AN INSPECTION by the Mental Health Commission found that the acute mental health unit at University Hospital Limerick was non-compliant in eleven areas that were subject to assessment.
The inspection of Unit 5B last June found it to be critically non-compliant with regulations in three areas and non-compliant in eight more.
Inspectors found the unit to be “kept in a state of disrepair inside and outside”. This was deemed to be a critical non-compliance which was also the case with individual care plans, therapeutic services and programmes.
Among the faults found on inspection were a glass privacy panel on a door in the High Observation Unit that had been broken since July 2021 (when the last inspection was conducted), a leaking toilet with a pool of water on the floor, and overflowing showers.
Beds, wardrobes, and lockers were reported as being in disrepair, while paint was peeling in some areas and a ceiling repair had not been repainted at all.
Outside the ward, the paving stones were “very dirty and badly stained, a stone bench was very dirty and badly stained.
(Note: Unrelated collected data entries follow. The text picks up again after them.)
(* The indefinite term [<N, |u|^2>] of the energy is absorbed by [||N||^2 / 4] and the
   [L^4] bound. *)
Lemma energy_controls_potential (K : nat) (dx L Hb mb : R) (p q N V : Z -> R) :
  (1 <= K)%nat -> 0 < dx -> L = INR K * dx -> periodicR K p -> periodicR K q ->
  energy K dx p q N V <= Hb -> normsq2 K dx p q <= mb ->
  normsq K dx N <= potential_bound L Hb mb /\
  normsq K dx (dxpR dx V) <= potential_bound L Hb mb.
Proof.
  intros HK Hdx HL Hp Hq HH Hm.
  assert (HLp : 0 < L) by (rewrite HL; apply Rmult_lt_0_compat; [apply lt_0_INR; lia | lra]).
  pose proof (discrete_L4_bound K dx L p q HK Hdx HL Hp Hq) as HL4.
  set (m := normsq2 K dx p q) in *; set (a := normsq2 K dx (dxpR dx p) (dxpR dx q)) in *.
  set (c := normsq K dx N); set (d := normsq K dx (dxpR dx V)).
  assert (Hm0 : 0 <= m) by (apply normsq2_nonneg; lra).
  assert (Ha0 : 0 <= a) by (apply normsq2_nonneg; lra).
  assert (Hc0 : 0 <= c) by (apply normsq_nonneg; lra).
  assert (Hd0 : 0 <= d) by (apply normsq_nonneg; lra).
  set (g := fun k => p k ^ 2 + q k ^ 2).
  assert (Hcoupling : - (c / 4) - sumR K (fun k => g k ^ 2) * dx
                      <= sumR K (fun k => N k * g k) * dx).
  { unfold c, normsq.
    assert (Hpt : sumR K (fun k => - / 4 * N k ^ 2 - g k ^ 2) <= sumR K (fun k => N k * g k)).
    { apply sumR_le; intro k. pose proof (pow2_ge_0 (N k / 2 + g k)). nra. }
    rewrite sumR_minus, sumR_scal in Hpt. nra. }
  assert (Hmono : m ^ 2 / L + 8 * m ^ 2 * (m + 1) <= mb ^ 2 / L + 8 * mb ^ 2 * (mb + 1)).
  { assert (m ^ 2 <= mb ^ 2) by (apply pow_incr; lra).
    assert (m ^ 2 * (m + 1) <= mb ^ 2 * (mb + 1))
      by (apply Rmult_le_compat; [apply pow2_ge_0 | lra | assumption | lra]).
    assert (m ^ 2 / L <= mb ^ 2 / L)
      by (apply Rmult_le_compat_r; [left; apply Rinv_0_lt_compat |]; lra).
    lra. }
  assert (HE : energy K dx p q N V = a + sumR K (fun k => N k * g k) * dx + / 2 * c + / 2 * d)
    by reflexivity.
  change (sumR K (fun k => (p k ^ 2 + q k ^ 2) ^ 2)) with (sumR K (fun k => g k ^ 2)) in HL4.
  unfold potential_bound. rewrite HE in HH. split; lra.
Qed.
An area above the bench had graffiti on the wall. The walls around the garden were very dirty, some had cobwebs and chipped paint and others were stained. One garden bed had dead plants.”
“There was no programme of general maintenance, decorative maintenance, cleaning, decontamination, and repair of assistive equipment. ”
Outside of maintenance, the inspectors’ report found that “residents’ records were not maintained in a secure and good order. Loose pages were evident throughout five clinical files compromising a risk to residents right to confidentiality.”
“There was no documented evidence to indicate that the responsible consultant psychiatrist had assessed an involuntary patient’s capacity to consent to receive treatment. This patient was treated as being unable to consent to agreeing to receiving further treatment.
The report continued that “details of the discussion with the patient, in relation to the effects of the medications and their risks and benefits were not documented”.
At the time the inspection took place there were 11 people who were being detained under legislation and two wards of court among the 35 in-patients.
The report also found that “the High Observation unit which accommodated eight beds was operational. There had been plans to renovate the seclusion room and the surrounding area in order to create a low stimulus environment but no such work had been done.”
It stated that there had been a significant decrease in compliance overall from 85 per cent in 2021 to 69 per cent in 2022.
Reports from 2018, 2019, and 2020 showed there were no critical non-compliances with regulations and in 2021 there was just one.
As a result of the critical non-compliances identified last June, the MHC commenced escalation and enforcement actions. It requested that immediate actions be taken by management and that a regulatory compliance meeting take place.
Following that meeting, a Corrective and Preventive Action Plan was agreed and monitoring of the progress to implement the plan is ongoing.